Give back an exact copy of the lines below, from the first through the line with "by rewrite big_pred0 ?mulr0."; please stop there.

[Items from a dataset]

★ ★ ★ ★ ★ ★ ★

Lemma shuffle_sum_expand (s : 'S_n) : shuffle_sum L v s =
  n%:R^-1 * \sum_(i < n) \sum_(j < n | (j < i)%N)
    (weighted_sqnorm (s i) (s j) +
     \sum_(k < n | (k < i)%N && (k != j)) weighted_dotv (s i) (s j) (s k)).
Proof.
rewrite /shuffle_sum mulr_sumr big_mkcond /=; apply: eq_bigr => -[[|i] ?] _ /=.
  by rewrite big_pred0 ?mulr0.
rewrite sqnorm_sum !mulr_sumr; apply: eq_bigr => j ji.
rewrite (bigD1 j) //= /weighted_sqnorm /weighted_dotv -!mulr_sumr /sqnorm; ring.
Qed.

Lemma sum_shuffle_sum : \sum_(s : 'S_n) shuffle_sum L v s =
  n`!%:R / n%:R * (sum_distinct2 weighted_sqnorm / 2 + sum_distinct3 weighted_dotv / 3).
Proof.
under eq_bigr => s _ do rewrite shuffle_sum_expand.
rewrite -mulr_sumr exchange_big /=.
under eq_bigr => i _ do rewrite exchange_big /=.
under eq_bigr => i _ do under eq_bigr => j _ do rewrite big_split /= exchange_big.
under eq_bigr => i _ do rewrite big_split.
rewrite big_split /= sum_ltn_perm_sum2 sum_ltn_perm_sum3; ring.
Qed.

Let A := \sum_i sqnorm (v i).
Let T := \sum_i v i.

Lemma sum_neq_sqnorm a : \sum_(b | b != a) sqnorm (v b) = A - sqnorm (v a).
Proof. by rewrite /A [in RHS](bigD1 a) //= addrAC subrr add0r. Qed.

Lemma sum_distinct2_weighted_sqnorm :
  sum_distinct2 weighted_sqnorm = \sum_a L a * (A - sqnorm (v a)).
Proof.
by apply: eq_bigr => a _; rewrite /weighted_sqnorm -mulr_sumr sum_neq_sqnorm.
Qed.

Lemma sum_distinct3_weighted_dotv : sum_distinct3 weighted_dotv =
  \sum_a L a * (sqnorm (T - v a) - (A - sqnorm (v a))).
Proof.
apply: eq_bigr => a _; rewrite /weighted_dotv.
under eq_bigr => b _ do rewrite -mulr_sumr.
rewrite -mulr_sumr -sum_neq_sqnorm; congr (_ * _).
have -> : T - v a = \sum_(b | b != a) v b by rewrite /T (bigD1 a) //= addrAC subrr add0r.
rewrite sqnorm_sum -sumrB; apply: eq_bigr => b ba.
by rewrite [in RHS](bigD1 b) //= /sqnorm addrAC subrr add0r.
Qed.

Lemma expected_shuffle_sum_le : (0 < n)%N -> (forall i, 0 < L i) ->
  n`!%:R^-1 * \sum_(s : 'S_n) shuffle_sum L v s
    <= 2%:R / 3%:R * n%:R * Lbar L * sigma_rand v.
Proof.
move=> n_gt0 L_gt0; have n_neq0 : n%:R != 0 :> R by rewrite pnatr_eq0 -lt0n.
have fact_neq0 : n`!%:R != 0 :> R by rewrite pnatr_eq0 -lt0n fact_gt0.
rewrite sum_shuffle_sum sum_distinct2_weighted_sqnorm sum_distinct3_weighted_dotv.
rewrite /Lbar /sigma_rand /sigma_any sqnormZ -/A -/T; set z := sqnorm T.
have -> : 2%:R / 3%:R * n%:R * ((\sum_a L a) / n%:R) *
    (A / n%:R + n%:R * (n%:R^-1 ^+ 2 * z)) = n%:R^-1 * \sum_a L a * (2 / 3 * (A + z)).
  by rewrite -mulr_suml; field.
rewrite !mulr_suml -big_split /= mulrA mulrA mulVf // mul1r.
rewrite ler_wpM2l ?invr_ge0 ?ler0n //.
apply: ler_sum => a _; rewrite -!mulrA -mulrDr ler_wpM2l ?(ltW (L_gt0 a)) //.
have x_le_A : sqnorm (v a) <= A.
  by rewrite /A (bigD1 a) //= lerDl sumr_ge0 // => b _; exact: sqnorm_ge0.
have := sqnormB_le T (v a); have := sqnorm_ge0 (v a); have := sqnorm_ge0 T.
rewrite -/z; lra.
Qed.
End ExpectedShuffleSum.
(* Let $n\ge 4$ be a power of $4$ and let $\mathcal{H}_2$ be as in the context. Then: (a) For all integers $i,j$, $\mathbb{E}_{h\in\mathcal{H}_2}[h_ih_j]=\mathbb{E}_{h\in\mathcal{H}_2}[h_{i+\sqrt n}h_{j+\sqrt n}]$. (b) If $1\le i,i',j,j'\le n$ with $i,i'$ in the same block, $j,j'$ in the same block, $i\ne j$ and $i'\ne j'$, then $\mathbb{E}_{h\in\mathcal{H}_2}[h_ih_j]=\mathbb{E}_{h\in\mathcal{H}_2}[h_{i'}h_{j'}]$. (c) There is an absolute constant $C$ (independent of $n$) such that $\sum_{1\le i,j\le n,\ i\ne j}\left|\mathbb{E}_{h\in\mathcal{H}_2}[h_ih_j]\right|\le Cn$.
   Context: Let $n$ be a power of $4$, $\ell=\sqrt n/2$, and for $1\le c\le \sqrt n$ the $c$-th block is $\{(c-1)\sqrt n+1,\dots,c\sqrt n\}$. The family $\mathcal{H}_1$: a random $h:[n]\to\{-1,1\}$ with independent coordinates, $\mathbb{P}[h_i=1]=\tfrac12+\tfrac{1}{2(\ell+1-c)}$ for $i$ in block $c\le\ell$ and $\mathbb{P}[h_i=1]=\tfrac12-\tfrac{1}{2(c-\ell)}$ for $i$ in block $c\ge\ell+1$. Indices are taken modulo $n$ ($h_{i+n}=h_i$). The family $\mathcal{H}_2$: draw $h$ from $\mathcal{H}_1$ and independently $d$ uniform in $\{0,1,\dots,\sqrt n-1\}$, and output $h'$ with $h'_i=h_{i+d\sqrt n}$ for all $i$ (indices modulo $n$). *)

From HB Require Import structures.
From mathcomp Require Import all_boot all_order all_algebra.
Set Implicit Arguments. Unset Strict Implicit. Unset Printing Implicit Defensive.
Import Order.TTheory GRing.Theory Num.Theory.
Local Open Scope ring_scope.

(* n = 4^k, sqrt n = 2^k, ell = sqrt n / 2 = 2^(k-1). *)
Definition sqn (k : nat) : nat := 2 ^ k.
Definition ell (k : nat) : nat := (2 ^ k)./2.

(* block (1-based, 1..sqrt n) of the 0-based position p (p = i-1) *)
Definition blk (k p : nat) : nat := (p %/ sqn k + 1)%N.

(* P[h_i = 1] for the coordinate at 0-based position p, family H_1 *)
Definition prob (k p : nat) : rat :=
  let c := blk k p in
  if (c <= ell k)%N then 1/2 + 1 / (2 * ((ell k + 1 - c)%N)%:R)
  else 1/2 - 1 / (2 * ((c - ell k)%N)%:R).

Definition sgn (b : bool) : rat := if b then 1 else -1.

(* A sample h : [n] -> {-1,1} of H_1 is a tuple t of booleans (true = +1,
   entry p is h_{p+1}); its probability under the product distribution. *)
Definition wt (k : nat) (t : (4 ^ k).-tuple bool) : rat :=
  \prod_(p < 4 ^ k) (if nth false t p then prob k p else 1 - prob k p).

(* 0-based position of the integer index i (1-based, taken modulo n) *)
Definition idx (k : nat) (i : int) : nat := absz ((i - 1) %% (4 ^ k)%:Z)%Z.

Definition hval (k : nat) (t : (4 ^ k).-tuple bool) (i : int) : rat :=
  sgn (nth false t (idx k i)).

(* E_{h' in H_2}[h'_i h'_j], where h'_i = h_{i + d sqrt n}, h ~ H_1,
   d uniform in {0,...,sqrt n - 1} independent of h. *)
Definition E2 (k : nat) (i j : int) : rat :=
  (1 / (sqn k)%:R) * \sum_(d < sqn k) \sum_(t : (4 ^ k).-tuple bool)
     wt t * hval t (i + (d * sqn k)%N%:Z) * hval t (j + (d * sqn k)%N%:Z).

From HB Require Import structures.
From mathcomp Require Import all_boot all_order all_algebra.
From mathcomp Require Import zify ring lra.
Import Order.TTheory GRing.Theory Num.Theory.
Set Implicit Arguments. Unset Strict Implicit. Unset Printing Implicit Defensive.
Local Open Scope ring_scope.

(* The coordinates of a sample of H_1 are independent, so for i <> j in blocks a and b
   E[h_(i + d sqrt n) h_(j + d sqrt n)] = mu_(a + d) mu_(b + d), where mu_c = 2 P[h = 1] - 1
   is the bias of block c: the sqrt n = 2 ell periodic sequence
   1/ell, ..., 1/2, 1, -1, -1/2, ..., -1/ell.  Averaging over the shift d gives
   E_(H_2)[h_i h_j] = R(b - a) / sqrt n with R the cyclic autocorrelation of mu, which
   depends on the blocks only; this is (b), while (a) is the invariance of the uniform
   shift d under d |-> d + 1.  For (c) the sum is at most n * sum_d |R(d)|, and partial
   fractions give, for 0 < d <= ell and T = H_ell - H_(ell - d),
   R(d) = 2 H_d / (d (d + 1)) - 2 T / d - 2 T / (2 ell + 1 - d);
   with R(2 ell - d) = R(d), R(0) <= 4 and sum_d T = ell, this bounds sum_d |R(d)| by 44. *)

Lemma big_nat_from0 (V : nmodType) (a b : nat) (F : nat -> V) :
  \sum_(a <= x < b) F x = \sum_(0 <= i < b - a) F (i + a)%N.
Proof. by rewrite -{1}(add0n a) big_addn. Qed.

Lemma sum_periodic_shift (V : nmodType) (s : nat) (F : nat -> V) :
  (forall x, F (x + s)%N = F x) ->
  forall c, \sum_(0 <= d < s) F (c + d)%N = \sum_(0 <= d < s) F d.
Proof.
move=> Fper; elim=> [|c IH]; first by apply: eq_bigr => d _; rewrite add0n.
case: s Fper IH => [|s] Fper IH; first by rewrite !big_geq.
rewrite big_nat_recr //= -IH big_nat_recl //= addn0 addrC; congr (_ + _).
  by rewrite -(Fper c) addSnnS addnC.
by apply: eq_bigr => d _; rewrite addSnnS.
Qed.

Lemma sum_modn_shift (V : nmodType) (s c : nat) (F : nat -> V) :
  \sum_(0 <= b < s) F ((c + b) %% s)%N = \sum_(0 <= d < s) F d.
Proof.
rewrite (@sum_periodic_shift _ s (fun y => F (y %% s)%N)) => [|x]; last by rewrite modnDr.
by apply: eq_big_nat => d /andP[_ ltds]; rewrite modn_small.
Qed.
Lemma level_eq n G : (forall i j,
    ((p ^ n.+1)%:Z %| zrep L n i j - conv (zrep g n) G i j)%Z) ->
  forall i j, L n i j = conv (g n) (fun a b => (G a b)%:~R) i j.
Proof.
move=> LG i j; rewrite -[L n i j]zliftK -/(zrep L n i j).
rewrite (proj2 (intr_Zp_eq (expS_gt1 hp n) _ _) (LG i j)) conv_intr.
by apply: eq_convl => a b _ _; rewrite zliftK.
Qed.

(* Quotients at consecutive levels agree modulo p^(n+1), by uniqueness of the
   quotient modulo p^(n+1). *)
Lemma level_compat n (G G' : nat -> nat -> int) :
  (forall i j, ((p ^ n.+1)%:Z %| zrep L n i j - conv (zrep g n) G i j)%Z) ->
  (forall i j, ((p ^ n.+2)%:Z %| zrep L n.+1 i j - conv (zrep g n.+1) G' i j)%Z) ->
  forall i j, ((p ^ n.+1)%:Z %| G' i j - G i j)%Z.
Proof.
move=> LG LG'; apply: (quotient_unique hp (zrep_g0 n)) => i j.
have red_g (X : nat -> nat -> int) : conv (fun a b => (zrep g n a b)%:~R)
    (fun a b => (X a b)%:~R) i j = conv (g n) (fun a b => (X a b)%:~R) i j.
  by apply: eq_convl => a b _ _; rewrite zliftK.
rewrite -(intr_Zp_eq0 (expS_gt1 hp n)) convB rmorphB /= subr_eq0 !conv_intr.
rewrite !red_g -(level_eq LG) -(compat_zrep hL) -/(zrep L n.+1 i j).
rewrite (proj2 (intr_Zp_eq (expS_gt1 hp n) _ _) (dvdz_pexp (leqnSn _) (LG' i j))).
by rewrite conv_intr; apply/eqP; apply: eq_convl => a b _ _; rewrite compat_zrep.
Qed.
End Quotients.

(* The level-n quotients G n form a compatible family H with L = g H. *)
Theorem theorem4p1 (p : nat) (hp : prime p) (hodd : odd p)
    (g L : ps2 p) (hg : ps2_compat g) (hL : ps2_compat L)
    (hg0 : exists i : nat, g 0%N i 0%N != 0)
    (hpsi : forall k a : nat, coprime a p ->
              ops_dvd k (@eval_psi p k a g) (@eval_psi p k a L)) :
  ps2_dvd g L.
Proof.
have /choice [G LG] := level_quotient hp hg hg0 hpsi.
exists (fun n a b => (G n a b)%:~R); split=> [n i j|n].
  rewrite zp_red_intr //; apply/(intr_Zp_eq (expS_gt1 hp n)).
  exact: (level_compat hp hg hL hg0 (LG n) (LG n.+1)).
exact: (level_eq hp (LG n)).
Qed.
Lemma is_lim_derive_not_pos (f df : R -> R) (L l : R) :
  (forall t, 0 < t -> is_derive f t (df t)) ->
  is_lim f p_infty L -> is_lim df p_infty l -> ~ 0 < l.
Proof.
  intros Hd Hf Hdf Hl.
  destruct (is_lim_p_infty_ball f L 1 Hf ltac:(lra)) as [M1 HM1].
  destruct (is_lim_p_infty_ball df l (l / 2) Hdf ltac:(lra)) as [M2 HM2].
  set (T := Rmax 1 (Rmax M1 M2) + 1).
  assert (HT : 1 <= Rmax 1 (Rmax M1 M2) /\ M1 <= Rmax 1 (Rmax M1 M2) /\
               M2 <= Rmax 1 (Rmax M1 M2)).
  { generalize (Rmax_l 1 (Rmax M1 M2)) (Rmax_r 1 (Rmax M1 M2)) (Rmax_l M1 M2) (Rmax_r M1 M2).
    lra. }
  assert (Hl4 : 0 < 4 / l) by (apply Rdiv_lt_0_compat; lra).
  (* over a time 4 / l the slope l / 2 moves f by 2, more than its oscillation *)
  assert (Hgrow : l / 2 * (T + 4 / l - T) <= f (T + 4 / l) - f T).
  { apply (increment_lb f df); [exact Hd|unfold T; lra|lra|].
    intros u Hu. specialize (HM2 u ltac:(unfold T in *; lra)).
    apply Rabs_def2 in HM2. lra. }
  replace (l / 2 * (T + 4 / l - T)) with 2 in Hgrow by (field; lra).
  assert (H1 := HM1 T ltac:(unfold T; lra)).
  assert (H2 := HM1 (T + 4 / l) ltac:(unfold T; lra)).
  apply Rabs_def2 in H1. apply Rabs_def2 in H2. lra.
Qed.

Lemma is_lim_derive_eq0 (f df : R -> R) (L l : R) :
  (forall t, 0 < t -> is_derive f t (df t)) ->
  is_lim f p_infty L -> is_lim df p_infty l -> l = 0.
Proof.
  intros Hd Hf Hdf.
  assert (Hneg : ~ 0 < - l).
  { apply (is_lim_derive_not_pos (fun t => - f t) (fun t => - df t) (- L)).
    - intros t Ht. apply (is_derive_opp f t (df t)), Hd, Ht.
    - exact (is_lim_opp f p_infty L Hf).
    - exact (is_lim_opp df p_infty l Hdf). }
  assert (Hpos := is_lim_derive_not_pos f df L l Hd Hf Hdf). lra.
Qed.

Lemma per_capita_rate_limit (f h : R -> R) (L H : R) :
  (forall t, 0 < t -> 0 < f t) ->
  (forall t, 0 < t -> is_derive f t (f t * h t)) ->
  is_lim f p_infty L -> is_lim h p_infty H -> H <= 0 /\ (0 < L -> H = 0).
Proof.
  intros Hpos Hd Hf Hh.
  assert (HLH : L * H = 0).
  { apply (is_lim_derive_eq0 f (fun t => f t * h t) L (L * H) Hd Hf).
    exact (is_lim_mult f h p_infty L H Hf Hh I). }
  assert (HH : H <= 0).
  { apply Rnot_lt_le. intro HH.
    destruct (is_lim_p_infty_ball h H (H / 2) Hh ltac:(lra)) as [M HM].
    set (T := Rmax M 0 + 1).
    assert (HT : M < T /\ 0 < T) by (generalize (Rmax_l M 0) (Rmax_r M 0); unfold T; lra).
    assert (Hmon : forall t, T <= t -> f T <= f t).
    { intros t Ht. apply (nondecreasing_of_derive_nonneg f (fun t => f t * h t) T Hd);
        [lra| |lra|exact Ht].
      intros u Hu. specialize (HM u ltac:(lra)). apply Rabs_def2 in HM.
      specialize (Hpos u ltac:(lra)). nra. }
    assert (HfL : Rbar_le (f T) L).
    { apply (is_lim_le_loc (fun _ => f T) f p_infty); [|apply is_lim_const|exact Hf].
      exists T. intros t Ht. apply Hmon. lra. }
    simpl in HfL. specialize (Hpos T ltac:(lra)). nra. }
  split; [exact HH|]. intro HL. nra.
Qed.

(** * Cooperative linear systems *)

Lemma cross_rate_pos (al be lam p r e : R) :
  0 < e -> 0 <= be -> al + be < lam -> p + e = 0 -> 0 <= r + e ->
  0 < al * p + be * r + e * lam.
Proof.
  intros He Hbe Hlam Hp Hr.
  replace (al * p + be * r + e * lam) with (e * (lam - al - be) + be * (r + e))
    by (replace p with (- e) by lra; ring).
  assert (0 < e * (lam - al - be)) by (apply Rmult_lt_0_compat; lra).
  assert (0 <= be * (r + e)) by (apply Rmult_le_pos; lra).
  lra.
Qed.

Section Cooperative.

Variables p r al be ga de : R -> R.
Hypothesis Dp : forall t, 0 < t -> is_derive p t (al t * p t + be t * r t).
Hypothesis Dr : forall t, 0 < t -> is_derive r t (ga t * p t + de t * r t).
Hypothesis be_ge0 : forall t, 0 < t -> 0 <= be t.
Hypothesis ga_ge0 : forall t, 0 < t -> 0 <= ga t.

(* At the first time p + eps E or r + eps E vanishes, the vanishing one would
   have a positive derivative by cross_rate_pos. *)
Lemma coop_perturbed_pos (E lam : R -> R) (eps t0 : R) :
  (forall t, 0 < t -> 0 < E t) ->
  (forall t, 0 < t -> is_derive E t (lam t * E t)) ->
  (forall t, 0 < t -> al t + be t < lam t /\ ga t + de t < lam t) ->
  0 < eps -> 0 < t0 -> 0 <= p t0 -> 0 <= r t0 ->
  forall t, t0 <= t -> 0 < p t + eps * E t /\ 0 < r t + eps * E t.
Proof.
  intros HE DE Hlam Heps Ht0 Hp0 Hr0 t Ht.
  set (pe := fun u => p u + eps * E u).
  set (re := fun u => r u + eps * E u).
  assert (Dpe : forall u, 0 < u ->
    is_derive pe u (al u * p u + be u * r u + eps * (lam u * E u))).
  { intros u Hu. apply (is_derive_plus p (fun v => eps * E v)); [apply Dp, Hu|].
    apply is_derive_scal, DE, Hu. }
  assert (Dre : forall u, 0 < u ->
    is_derive re u (ga u * p u + de u * r u + eps * (lam u * E u))).
  { intros u Hu. apply (is_derive_plus r (fun v => eps * E v)); [apply Dr, Hu|].
    apply is_derive_scal, DE, Hu. }
  set (w := fun u => Rmin (pe u) (re u)).
  assert (Hw : forall u, 0 < w u -> 0 < pe u /\ 0 < re u).
  { intros u Hu. split; eapply Rlt_le_trans; [exact Hu|apply Rmin_l|exact Hu|apply Rmin_r]. }
  apply Hw, Rnot_le_lt. intro Hwt.
  assert (HE0 := HE t0 Ht0).
  destruct (first_zero w t0 t Ht) as [tau [Htau [Hwtau Hleft]]].
  { intros u Hu. apply continuous_Rmin; eapply is_derive_continuous;
      [apply Dpe|apply Dre]; lra. }
  { apply Rmin_glb_lt; unfold pe, re; nra. }
  { exact Hwt. }
  assert (Htau0 : 0 < tau) by lra.
  assert (HEtau : 0 < eps * E tau) by (apply Rmult_lt_0_compat; [lra|apply HE, Htau0]).
  destruct (Hlam tau Htau0) as [Hl1 Hl2].
  unfold w, Rmin in Hwtau. destruct (Rle_dec (pe tau) (re tau)) as [Hle|Hgt].
  - assert (Hd := is_derive_first_zero_nonpos pe t0 tau _ (proj1 Htau) (Dpe tau Htau0) Hwtau
      (fun s Hs => proj1 (Hw s (Hleft s Hs)))).
    unfold pe, re in Hwtau, Hle.
    assert (Hcross := cross_rate_pos (al tau) (be tau) (lam tau) (p tau) (r tau)
      (eps * E tau) HEtau (be_ge0 tau Htau0) Hl1 Hwtau ltac:(lra)).
    lra.
  - assert (Hd := is_derive_first_zero_nonpos re t0 tau _ (proj1 Htau) (Dre tau Htau0) Hwtau
      (fun s Hs => proj2 (Hw s (Hleft s Hs)))).
    unfold pe, re in Hwtau, Hgt.
    assert (Hcross := cross_rate_pos (de tau) (ga tau) (lam tau) (r tau) (p tau)
      (eps * E tau) HEtau (ga_ge0 tau Htau0) ltac:(lra) Hwtau ltac:(lra)).
    lra.
Qed.

Hypothesis al_cont : forall t, 0 < t -> continuous al t.
Hypothesis be_cont : forall t, 0 < t -> continuous be t.
Hypothesis ga_cont : forall t, 0 < t -> continuous ga t.
Hypothesis de_cont : forall t, 0 < t -> continuous de t.

Lemma coop_nonneg_invariant (t0 : R) : 0 < t0 -> 0 <= p t0 -> 0 <= r t0 ->
  forall t, t0 <= t -> 0 <= p t /\ 0 <= r t.
Proof.
  intros Ht0 Hp0 Hr0 t Ht.
  set (lam := fun u => 1 + (al u * al u + be u * be u) + (ga u * ga u + de u * de u)).
  assert (Clam : forall u, 0 < u -> continuous lam u).
  { intros u Hu. unfold lam.
    repeat first [apply continuous_Rplus | apply continuous_Rmult | apply continuous_const];
      auto. }
  destruct (ex_primitive lam Clam) as [G DG].
  set (E := fun u => exp (G u)).
  assert (HE : forall u, 0 < u -> 0 < E u) by (intros; apply exp_pos).
  assert (DE : forall u, 0 < u -> is_derive E u (lam u * E u)).
  { intros u Hu. apply (is_derive_comp exp G u (exp (G u)) (lam u)); [apply is_derive_exp|].
    apply DG, Hu. }
  assert (Hlam : forall u, 0 < u -> al u + be u < lam u /\ ga u + de u < lam u).
  { intros u Hu. unfold lam.
    generalize (Rle_0_sqr (al u - / 2)) (Rle_0_sqr (be u - / 2)) (Rle_0_sqr (ga u - / 2))
      (Rle_0_sqr (de u - / 2)) (Rle_0_sqr (al u)) (Rle_0_sqr (be u)) (Rle_0_sqr (ga u))
      (Rle_0_sqr (de u)).
    unfold Rsqr. intros. split; nra. }
  assert (HEt := HE t ltac:(lra)).
  split; apply Rle_plus_epsilon; intros eps Heps;
    destruct (coop_perturbed_pos E lam (eps / E t) t0 HE DE Hlam
      ltac:(apply Rdiv_lt_0_compat; lra) Ht0 Hp0 Hr0 t Ht) as [Hp Hr];
    replace (eps / E t * E t) with eps in * by (field; lra); lra.
Qed.

End Cooperative.

Lemma coop_nonpos_invariant (p r al be ga de : R -> R) :
  (forall t, 0 < t -> is_derive p t (al t * p t + be t * r t)) ->
  (forall t, 0 < t -> is_derive r t (ga t * p t + de t * r t)) ->
  (forall t, 0 < t -> 0 <= be t) -> (forall t, 0 < t -> 0 <= ga t) ->
  (forall t, 0 < t -> continuous al t) -> (forall t, 0 < t -> continuous be t) ->
  (forall t, 0 < t -> continuous ga t) -> (forall t, 0 < t -> continuous de t) ->
  forall t0, 0 < t0 -> p t0 <= 0 -> r t0 <= 0 ->
  forall t, t0 <= t -> p t <= 0 /\ r t <= 0.
Proof.
  intros Dp Dr Hbe Hga Cal Cbe Cga Cde t0 Ht0 Hp0 Hr0 t Ht.
  assert (Dnp : forall t, 0 < t ->
    is_derive (fun u => - p u) t (al t * - p t + be t * - r t)).
  { intros u Hu. replace (al u * - p u + be u * - r u) with (- (al u * p u + be u * r u))
      by ring.
    apply (is_derive_opp p), Dp, Hu. }
  assert (Dnr : forall t, 0 < t ->
    is_derive (fun u => - r u) t (ga t * - p t + de t * - r t)).
  { intros u Hu. replace (ga u * - p u + de u * - r u) with (- (ga u * p u + de u * r u))
      by ring.
    apply (is_derive_opp r), Dr, Hu. }
  destruct (coop_nonneg_invariant _ _ al be ga de Dnp Dnr Hbe Hga Cal Cbe Cga Cde t0
    Ht0 ltac:(lra) ltac:(lra) t Ht).
  lra.
Qed.

Lemma coop_eventually_signed (p r al be ga de : R -> R) :
  (forall t, 0 < t -> is_derive p t (al t * p t + be t * r t)) ->
  (forall t, 0 < t -> is_derive r t (ga t * p t + de t * r t)) ->
  (forall t, 0 < t -> 0 <= be t) -> (forall t, 0 < t -> 0 <= ga t) ->
  (forall t, 0 < t -> continuous al t) -> (forall t, 0 < t -> continuous be t) ->
  (forall t, 0 < t -> continuous ga t) -> (forall t, 0 < t -> continuous de t) ->
  exists T, 0 < T /\
    ((forall t, T <= t -> 0 <= p t) \/ (forall t, T <= t -> p t <= 0)) /\
    ((forall t, T <= t -> 0 <= r t) \/ (forall t, T <= t -> r t <= 0)).
Proof.
  intros Dp Dr Hbe Hga Cal Cbe Cga Cde.
  destruct (classic (exists t0, 1 <= t0 /\ 0 <= p t0 /\ 0 <= r t0))
    as [[t0 [Ht0 [Hp0 Hr0]]]|Hnn].
  { assert (Hinv := coop_nonneg_invariant p r al be ga de Dp Dr Hbe Hga Cal Cbe Cga Cde t0
      ltac:(lra) Hp0 Hr0).
    exists t0. split; [lra|]. split; left; intros t Ht; apply (Hinv t Ht). }
  destruct (classic (exists t0, 1 <= t0 /\ p t0 <= 0 /\ r t0 <= 0))
    as [[t0 [Ht0 [Hp0 Hr0]]]|Hnp].
  { assert (Hinv := coop_nonpos_invariant p r al be ga de Dp Dr Hbe Hga Cal Cbe Cga Cde t0
      ltac:(lra) Hp0 Hr0).
    exists t0. split; [lra|]. split; right; intros t Ht; apply (Hinv t Ht). }
  assert (Hmixed : forall t, 1 <= t -> (0 < p t /\ r t < 0) \/ (p t < 0 /\ 0 < r t)).
  { intros t Ht.
    destruct (Rtotal_order (p t) 0) as [Hp|[Hp|Hp]];
      destruct (Rtotal_order (r t) 0) as [Hr|[Hr|Hr]];
      first [ left; lra | right; lra
            | exfalso; apply Hnn; exists t; lra
            | exfalso; apply Hnp; exists t; lra ]. }
  assert (Hnz : forall t, 1 <= t -> p t <> 0) by (intros t Ht; destruct (Hmixed t Ht); lra).
  assert (Cp : forall t, 1 <= t -> continuous p t).
  { intros t Ht. eapply is_derive_continuous. apply Dp. lra. }
  exists 1. split; [lra|].
  destruct (Hmixed 1 ltac:(lra)) as [[Hp1 _]|[Hp1 _]].
  - assert (Hpos := pos_of_no_zero p 1 Cp Hnz Hp1).
    split; [left|right]; intros t Ht; specialize (Hpos t Ht); [lra|].
    destruct (Hmixed t Ht); lra.
  - assert (Hneg := pos_of_no_zero (fun u => - p u) 1
      (fun t Ht => continuous_opp p t (Cp t Ht)) (fun t Ht => ltac:(specialize (Hnz t Ht); lra))
      ltac:(lra)).
    split; [right|left]; intros t Ht; specialize (Hneg t Ht); simpl in Hneg; [lra|].
    destruct (Hmixed t Ht); lra.
Qed.

(** * The competition model *)

Definition gx (c x y : R) : R := 1 - x - c * y.
Definition gy (a k m x y : R) : R := / (1 + k * x) - y - a * x - m * x * y.

Section Model.

Variables a b c k m : R.
Hypotheses (ha : 0 < a) (hb : 0 < b) (hc : 0 < c) (hk : 0 < k) (hm : 0 < m).
Variables x y : R -> R.
Hypothesis sol : is_solution a b c k m x y.
Hypotheses (hx0 : 0 < x 0) (hy0 : 0 < y 0).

★ ★ ★ ★ ★ ★ ★

■ OUTPUT FOR THIS EXERCISE ■
Lemma shuffle_sum_expand (s : 'S_n) : shuffle_sum L v s =
  n%:R^-1 * \sum_(i < n) \sum_(j < n | (j < i)%N)
    (weighted_sqnorm (s i) (s j) +
     \sum_(k < n | (k < i)%N && (k != j)) weighted_dotv (s i) (s j) (s k)).
Proof.
rewrite /shuffle_sum mulr_sumr big_mkcond /=; apply: eq_bigr => -[[|i] ?] _ /=.
  by rewrite big_pred0 ?mulr0.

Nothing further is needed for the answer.